4.2 Client Side Code Attack and Binary Analysis

Although the WebGL [17] provides the similar 3D graphic capabilities, we specifically did not use the WebGL due to the potential client side code attack. Since WebGL relies on the client side JavaScript to render 3D object, textures, and further CAPTCHAs, it is possible to parse the WebGL that describes 3D objects, 2D textures, and extract the 2D text CAPTCHAs. On the other hand, Unity generates a Web Player binary that includes all 3D objects, textures, and CAPTCHAs from the backend and only plays through the web browser. Therefore, it is difficult to reverse engineer and parse the CAPTCHAs from the generated binary. Although it is not impossible to decompile and obfuscate the Unity script using a tool such as [4], we generate a new CAPTCHA and texture information from the backend and the client-side web player calls backend code to retrieve the detailed CAPTCHA and 3D information. Hence, even though attackers are able to decompile the binary, the CAPTCHA, 3D models, and textures information are not stored in the client side. Our approach is much more robust against the client side code attack compared to other 3D development platforms that heavily use client side code such as the WebGL.

4.3 Brute-Force Based Incremental Object Rotation Attack

It is possible that the automated system can incrementally rotate a 3D object until to detect the characters regions with high probability and try to identify characters with OCR types of applications. This Brute-force approach might take a lot of iterations but does not require any intelligence in understanding unseen synthetic 3D objects. If attackers have enough computing power, this Brute-Force based Incremental Object Rotation Attack can be a serious to our system.

However, first, our textures and uneven surface make accurate detection difficult as we use different background noise and lighting effect as we observed from computer vision attack. Second, we measured the average time, and the number of clicks needed to solve CAPTCHAs from 90 participants as shown in Table 1. In order for this attack to be successful, a bot has to completely mimic human behavior and we observed that humans are not incrementally rotating objects. Therefore, our defense is to compare the average solving time and human click behavior with this attack, where each rotation requires a mouse click. Therefore, (1) if it takes far longer or shorter to solve or (2) significantly exceeds the number of clicks usually needed for humans, we can classify this as an attack and reject. Using gathered statistic on typical human behaviors on solving 3D CAPTCHA as a prior information, we believe we can easily mitigate and reject the brute-force based incremental object rotation attacks.

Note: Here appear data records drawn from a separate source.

(* There is an absolute constant $C>0$ with the following property. Let $\epsilon\in(0,1/2]$ with $1/\epsilon$ an integer, and let $\delta\in(0,1/2)$. Let $s\ge C\epsilon^{-1}\ln(1/(\epsilon\delta))$ be an integer. Let $t\ge 1$ and let $x=(x_1,\dots,x_t)$ be a vector of positive weights, where item $i$ has weight $x_i$. Let $S\subseteq[t]$ be a weighted random sample without replacement of size $\min\{t,s\}$ from the items $1,\dots,t$ with weights $x_1,\dots,x_t$. Let $$T=\{i\in[t]: x_i\ge\epsilon\|x_{\mathrm{tail}(1/\epsilon)}\|_1\}.$$ Then: - $|T|\le 2/\epsilon$; - $\Pr[T\subseteq S]\ge 1-\delta$; - whenever $T\subseteq S$, the $\min\{|S|,2/\epsilon\}$ elements of $S$ with largest weights, ties broken arbitrarily, contain $T$.
   Context: For $x\in\mathbb{R}^t$ and an integer $m\ge 0$, $x_{\mathrm{tail}(m)}$ is the vector equal to $x$ except that its $m$ largest coordinates (in absolute value, ties broken arbitrarily) are set to $0$. **Weighted sampling without replacement.** A single weighted random sample from a finite collection of items with positive weights is one item, where an item of weight $w$ is chosen with probability $w$ divided by the total weight. A weighted random sample without replacement of size $m$ is produced as follows: start with $S=\emptyset$; for $i=1,\dots,m$, draw a single weighted random sample from the items not yet in $S$ and add it to $S$. *)

From Stdlib Require Import Reals Lra Lia List Arith.
Import ListNotations.
Open Scope R_scope.
Lemma card_labels_small_sides (E : finType) (tau : N -> E) M :
  {in is_leaf adj &, injective tau} ->
  (forall e, exists2 l, is_leaf adj l & tau l = e) ->
  (forall x, degree adj x <= 3) ->
  (forall a b, adj a b ->
     #|tau @: side_leaves adj a b| <= M \/ #|~: (tau @: side_leaves adj a b)| <= M) ->
  #|E| <= 1 + 3 * M.
Proof.
move=> tau_inj tau_onto deg3 small.
pose side a b := tau @: side_leaves adj a b.
have oriented a b : adj a b -> #|side a b| <= M \/ #|side b a| <= M.
  move=> ab; case: (small a b ab) => [|small_ab]; [by left | right].
  exact: leq_trans (subset_leq_card (side_labels_subsetC tau_inj ab)) small_ab.
have [b b_sink] := light_sink oriented.
rewrite -cardsT.
apply: leq_trans (_ : #|tau b |: \bigcup_(c in [set c | adj b c]) side c b| <= _).
  apply: subset_leq_card; apply/subsetP=> e _; have [l leaf_l <-] := tau_onto e.
  case: (eqVneq l b) => [->|lb]; first by rewrite setU11.
  have [c bc lc] := leaf_in_neighbour_side leaf_l lb.
  by rewrite setU1r //; apply/bigcupP; exists c; rewrite ?inE ?imset_f.
rewrite cardsU1 leq_add ?leq_b1 //.
apply: leq_trans (card_bigcup_le _ _) _.
apply: leq_trans (_ : \sum_(c in [set c | adj b c]) M <= _).
  by apply: leq_sum => c; rewrite inE => /b_sink.
by rewrite sum_nat_const leq_mul2r; apply/orP; right; apply: deg3.
Qed.

End TreeSides.

Section Border.
Variable G : mgraph.

Definition border (X : {set mE G}) : {set mV G} :=
  [set v | [exists e in X, incident v e] && [exists e in ~: X, incident v e]].

Lemma uorder_border X : uorder X = #|border X|. Proof. by []. Qed.
Lemma partial_ratio_eq0 f g p j :
  differentiable f p -> differentiable g p -> f p != 0 -> g p != 0 ->
  partial j f p / f p = partial j g p / g p ->
  partial j (fun q => f q / g q) p = 0.
Proof.
move=> df dg f0 g0 E.
rewrite (_ : (fun q => f q / g q) = f * (fun q => (g q)^-1)) //.
rewrite partialM //; last exact: differentiableV.
rewrite partialV // (_ : partial j f p = f p * (partial j g p / g p)).
  by field.
by rewrite -E; field.
Qed.

End PartialDerivatives.

Section OpenSet.
Variables (R : realType) (N : nat) (U : set 'rV[R]_N).
Hypothesis openU : open U.
Notation V := 'rV[R]_N.
Implicit Types (f g : V -> R) (p : V) (j : 'I_N).

Lemma near_eq_on f g p : (forall q, U q -> f q = g q) -> U p ->
  \forall q \near p, f q = g q.
Proof.
move=> fg Up; have : \forall q \near p, U q by apply: open_nbhs_nbhs.
by apply: filterS => q; exact: fg.
Qed.

Lemma differentiable_eq_on f g p : (forall q, U q -> f q = g q) -> U p ->
  differentiable f p -> differentiable g p.
Proof. by move=> fg Up; apply: near_eq_differentiable; exact: near_eq_on. Qed.

Lemma partial_eq_on f g j p : (forall q, U q -> f q = g q) -> U p ->
  partial j f p = partial j g p.
Proof. by move=> fg Up; apply: near_eq_derive; exact: near_eq_on. Qed.

Lemma partial_eq0_on f j p : (forall q, U q -> f q = 0) -> U p -> partial j f p = 0.
Proof. by move=> f0 Up; rewrite (@partial_eq_on _ (cst 0)) ?partial_cst. Qed.

Lemma iter_partial_eq_on s f g : (forall q, U q -> f q = g q) ->
  forall p, U p -> iter_partial s f p = iter_partial s g p.
Proof. by elim: s => [|j s IH] //= fg p; apply: partial_eq_on; exact: IH. Qed.

Lemma iter_partial_rcons s j f :
  iter_partial (rcons s j) f = iter_partial s (partial j f).
Proof. by rewrite /iter_partial foldr_rcons. Qed.

Definition differentiable_upto k f := forall s, (size s <= k)%N ->
  forall p, U p -> differentiable (iter_partial s f) p.

Lemma smooth_onP f : smooth_on U f <-> forall k, differentiable_upto k f.
Proof. by split=> [sf k s _|sf s]; [exact: sf|exact: (sf (size s))]. Qed.

Lemma differentiable_upto_eq_on k f g : (forall q, U q -> f q = g q) ->
  differentiable_upto k f -> differentiable_upto k g.
Proof.
move=> fg df s ks p Up.
apply: (differentiable_eq_on (iter_partial_eq_on s fg)) => //; exact: df.
Qed.

Lemma differentiable_upto_diff k f p :
  differentiable_upto k f -> U p -> differentiable f p.
Proof. by move=> df; exact: (df [::]). Qed.

Lemma differentiable_uptoW k f :
  differentiable_upto k.+1 f -> differentiable_upto k f.
Proof. by move=> df s ks; apply: df; exact: leqW. Qed.

Lemma differentiable_upto_partial k f j :
  differentiable_upto k.+1 f -> differentiable_upto k (partial j f).
Proof.
by move=> df s ks p Up; rewrite -iter_partial_rcons; apply: df; rewrite ?size_rcons.
Qed.

Lemma differentiable_uptoS k f : (forall p, U p -> differentiable f p) ->
  (forall j, differentiable_upto k (partial j f)) -> differentiable_upto k.+1 f.
Proof.
move=> d0 dj; case/lastP => [|s j] ks p Up; first exact: d0.
by rewrite iter_partial_rcons; apply: dj; rewrite // -ltnS -(size_rcons s j).
Qed.

Lemma differentiable_upto0 f : (forall p, U p -> differentiable f p) ->
  differentiable_upto 0 f.
Proof. by move=> df s; rewrite leqn0 => /nilP ->. Qed.

Lemma differentiable_upto_cst k (c : R) : differentiable_upto k (cst c).
Proof.
elim: k c => [|k IH] c; first exact: differentiable_upto0.
apply: differentiable_uptoS => // j.
by rewrite (_ : partial j (cst c) = cst 0) //; apply/funext => p; exact: partial_cst.
Qed.

Lemma differentiable_uptoD k f g : differentiable_upto k f ->
  differentiable_upto k g -> differentiable_upto k (f + g).
Proof.
elim: k f g => [|k IH] f g df dg.
  by apply: differentiable_upto0 => p Up; apply: differentiableD;
    [exact: differentiable_upto_diff df Up|exact: differentiable_upto_diff dg Up].
apply: differentiable_uptoS => [p Up|j].
  by apply: differentiableD;
    [exact: differentiable_upto_diff df Up|exact: differentiable_upto_diff dg Up].
apply: (@differentiable_upto_eq_on _ (partial j f + partial j g)).
  by move=> p Up; rewrite partialD //;
    [exact: differentiable_upto_diff df Up|exact: differentiable_upto_diff dg Up].
by apply: IH; exact: differentiable_upto_partial.
Qed.

Lemma differentiable_uptoM k f g : differentiable_upto k f ->
  differentiable_upto k g -> differentiable_upto k (f * g).
Proof.
elim: k f g => [|k IH] f g df dg.
  by apply: differentiable_upto0 => p Up; apply: differentiableM;
    [exact: differentiable_upto_diff df Up|exact: differentiable_upto_diff dg Up].
apply: differentiable_uptoS => [p Up|j].
  by apply: differentiableM;
    [exact: differentiable_upto_diff df Up|exact: differentiable_upto_diff dg Up].
apply: (@differentiable_upto_eq_on _ (f * partial j g + g * partial j f)).
  by move=> p Up; rewrite partialM //;
    [exact: differentiable_upto_diff df Up|exact: differentiable_upto_diff dg Up].
by apply: differentiable_uptoD; apply: IH;
  solve [exact: differentiable_uptoW | exact: differentiable_upto_partial].
Qed.

Lemma differentiable_uptoZ k (c : R) f :
  differentiable_upto k f -> differentiable_upto k (c *: f).
Proof.
move=> df; apply: (@differentiable_upto_eq_on _ (cst c * f)) => [q _ //|].
exact: differentiable_uptoM (differentiable_upto_cst c) df.
Qed.

Lemma differentiable_upto_expR k f :
  differentiable_upto k f -> differentiable_upto k (expR \o f).
Proof.
have dexp g p : differentiable g p -> differentiable (expR \o g) p.
  by move=> dgp; apply: differentiable_comp => //; apply/derivable1_diffP.
elim: k f => [|k IH] f df.
  by apply: differentiable_upto0 => p Up; apply: dexp;
    exact: differentiable_upto_diff df Up.
apply: differentiable_uptoS => [p Up|j].
  by apply: dexp; exact: differentiable_upto_diff df Up.
apply: (@differentiable_upto_eq_on _ ((expR \o f) * partial j f)).
  by move=> p Up; rewrite partial_expR //; exact: differentiable_upto_diff df Up.
apply: differentiable_uptoM; last exact: differentiable_upto_partial.
by apply: IH; exact: differentiable_uptoW.
Qed.

Lemma differentiable_uptoV k f : (forall p, U p -> f p != 0) ->
  differentiable_upto k f -> differentiable_upto k (fun q => (f q)^-1).
Proof.
move=> f0; elim: k => [|k IH] df.
  apply: differentiable_upto0 => p Up; apply: differentiableV; last exact: f0.
  exact: differentiable_upto_diff df Up.
apply: differentiable_uptoS => [p Up|j].
  by apply: differentiableV; [exact: differentiable_upto_diff df Up|exact: f0].
apply: (@differentiable_upto_eq_on _
  (cst (-1) * ((fun q => (f q)^-1) * (fun q => (f q)^-1)) * partial j f)).
  move=> p Up; rewrite partialV ?f0 //; last exact: differentiable_upto_diff df Up.
  by rewrite !fctE mulN1r -invfM -expr2.
have dV : differentiable_upto k (fun q => (f q)^-1).
  by apply: IH; exact: differentiable_uptoW.
apply: differentiable_uptoM; last exact: differentiable_upto_partial.
by apply: differentiable_uptoM; [exact: differentiable_upto_cst|exact: differentiable_uptoM].
Qed.

Lemma differentiable_upto_ln k f : (forall p, U p -> 0 < f p) ->
  differentiable_upto k f -> differentiable_upto k (@ln R \o f).
Proof.
have dln p : U p -> 0 < f p -> differentiable f p -> differentiable (@ln R \o f) p.
  move=> Up fp dfp; apply: differentiable_comp => //.
  by apply/derivable1_diffP; apply: ex_derive; exact: is_derive1_ln.
case: k => [|k] f0 df.
  by apply: differentiable_upto0 => p Up; apply: dln (f0 p Up) _;
    [|exact: differentiable_upto_diff df Up].
apply: differentiable_uptoS => [p Up|j].
  by apply: dln (f0 p Up) _; [|exact: differentiable_upto_diff df Up].
apply: (@differentiable_upto_eq_on _ ((fun q => (f q)^-1) * partial j f)).
  by move=> p Up; rewrite partial_ln ?f0 //; exact: differentiable_upto_diff df Up.
apply: differentiable_uptoM; last exact: differentiable_upto_partial.
apply: differentiable_uptoV; last exact: differentiable_uptoW.
by move=> p Up; rewrite gt_eqF ?f0.
Qed.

Table 1. Human behavior modeling on 3D CATPCHAs
Full size table

5 Conclusion and Future Work

We present two different 3D CAPTCHA mechanisms using 3D objects, projection, and texture techniques. Although our concept is simple, we provide much stronger protection against various existing attacks, which can easily break current 2D text CAPTCHAs. The future work is to conduct user study to evaluate the usability and security trade-offs among different CAPTCHA mechanisms.